* _DESCRIPTION OF THE TASK_
Transcribe the entries below exactly.

* _INFORMATION GIVEN_

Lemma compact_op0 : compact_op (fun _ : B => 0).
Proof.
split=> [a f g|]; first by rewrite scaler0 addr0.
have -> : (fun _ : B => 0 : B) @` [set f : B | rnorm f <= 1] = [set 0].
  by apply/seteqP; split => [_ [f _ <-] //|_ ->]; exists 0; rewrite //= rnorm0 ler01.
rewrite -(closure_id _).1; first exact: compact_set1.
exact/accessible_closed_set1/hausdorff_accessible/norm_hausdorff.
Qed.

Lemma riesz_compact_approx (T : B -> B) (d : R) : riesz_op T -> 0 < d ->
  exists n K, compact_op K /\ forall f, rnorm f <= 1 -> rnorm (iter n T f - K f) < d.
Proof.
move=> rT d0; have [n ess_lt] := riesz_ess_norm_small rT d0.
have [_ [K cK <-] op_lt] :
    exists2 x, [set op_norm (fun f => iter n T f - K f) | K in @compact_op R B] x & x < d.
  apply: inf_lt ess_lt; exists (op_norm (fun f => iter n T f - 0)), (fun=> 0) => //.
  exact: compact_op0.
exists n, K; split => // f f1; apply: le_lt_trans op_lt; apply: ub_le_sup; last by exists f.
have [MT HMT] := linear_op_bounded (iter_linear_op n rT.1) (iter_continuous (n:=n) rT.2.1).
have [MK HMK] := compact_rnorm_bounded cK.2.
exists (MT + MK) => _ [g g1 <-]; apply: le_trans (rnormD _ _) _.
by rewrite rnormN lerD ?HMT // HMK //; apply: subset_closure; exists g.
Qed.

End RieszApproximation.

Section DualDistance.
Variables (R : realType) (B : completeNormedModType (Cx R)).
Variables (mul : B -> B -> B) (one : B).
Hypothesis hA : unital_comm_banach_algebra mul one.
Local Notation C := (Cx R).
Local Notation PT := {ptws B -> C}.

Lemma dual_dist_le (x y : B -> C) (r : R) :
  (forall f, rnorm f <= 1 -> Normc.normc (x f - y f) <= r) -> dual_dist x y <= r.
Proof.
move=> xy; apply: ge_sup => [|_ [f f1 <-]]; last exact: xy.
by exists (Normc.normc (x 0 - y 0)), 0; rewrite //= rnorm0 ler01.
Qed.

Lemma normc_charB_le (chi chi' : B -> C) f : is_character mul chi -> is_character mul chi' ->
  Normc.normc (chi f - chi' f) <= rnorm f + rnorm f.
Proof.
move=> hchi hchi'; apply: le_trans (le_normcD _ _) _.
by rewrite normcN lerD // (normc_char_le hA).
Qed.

* _RESPONSE FOR THIS EXERCISE_
Lemma compact_op0 : compact_op (fun _ : B => 0).
Proof.
split=> [a f g|]; first by rewrite scaler0 addr0.
have -> : (fun _ : B => 0 : B) @` [set f : B | rnorm f <= 1] = [set 0].
  by apply/seteqP; split => [_ [f _ <-] //|_ ->]; exists 0; rewrite //= rnorm0 ler01.
rewrite -(closure_id _).1; first exact: compact_set1.
exact/accessible_closed_set1/hausdorff_accessible/norm_hausdorff.
Qed.

Lemma riesz_compact_approx (T : B -> B) (d : R) : riesz_op T -> 0 < d ->
  exists n K, compact_op K /\ forall f, rnorm f <= 1 -> rnorm (iter n T f - K f) < d.
Proof.
move=> rT d0; have [n ess_lt] := riesz_ess_norm_small rT d0.
have [_ [K cK <-] op_lt] :
    exists2 x, [set op_norm (fun f => iter n T f - K f) | K in @compact_op R B] x & x < d.
  apply: inf_lt ess_lt; exists (op_norm (fun f => iter n T f - 0)), (fun=> 0) => //.
  exact: compact_op0.
exists n, K; split => // f f1; apply: le_lt_trans op_lt; apply: ub_le_sup; last by exists f.
have [MT HMT] := linear_op_bounded (iter_linear_op n rT.1) (iter_continuous (n:=n) rT.2.1).
have [MK HMK] := compact_rnorm_bounded cK.2.
exists (MT + MK) => _ [g g1 <-]; apply: le_trans (rnormD _ _) _.
by rewrite rnormN lerD ?HMT // HMK //; apply: subset_closure; exists g.
Qed.

End RieszApproximation.

Section DualDistance.
Variables (R : realType) (B : completeNormedModType (Cx R)).
Variables (mul : B -> B -> B) (one : B).
Hypothesis hA : unital_comm_banach_algebra mul one.
Local Notation C := (Cx R).
Local Notation PT := {ptws B -> C}.

Lemma dual_dist_le (x y : B -> C) (r : R) :
  (forall f, rnorm f <= 1 -> Normc.normc (x f - y f) <= r) -> dual_dist x y <= r.
Proof.
move=> xy; apply: ge_sup => [|_ [f f1 <-]]; last exact: xy.
by exists (Normc.normc (x 0 - y 0)), 0; rewrite //= rnorm0 ler01.
Qed.

Lemma normc_charB_le (chi chi' : B -> C) f : is_character mul chi -> is_character mul chi' ->
  Normc.normc (chi f - chi' f) <= rnorm f + rnorm f.
Proof.
move=> hchi hchi'; apply: le_trans (le_normcD _ _) _.
by rewrite normcN lerD // (normc_char_le hA).
Qed.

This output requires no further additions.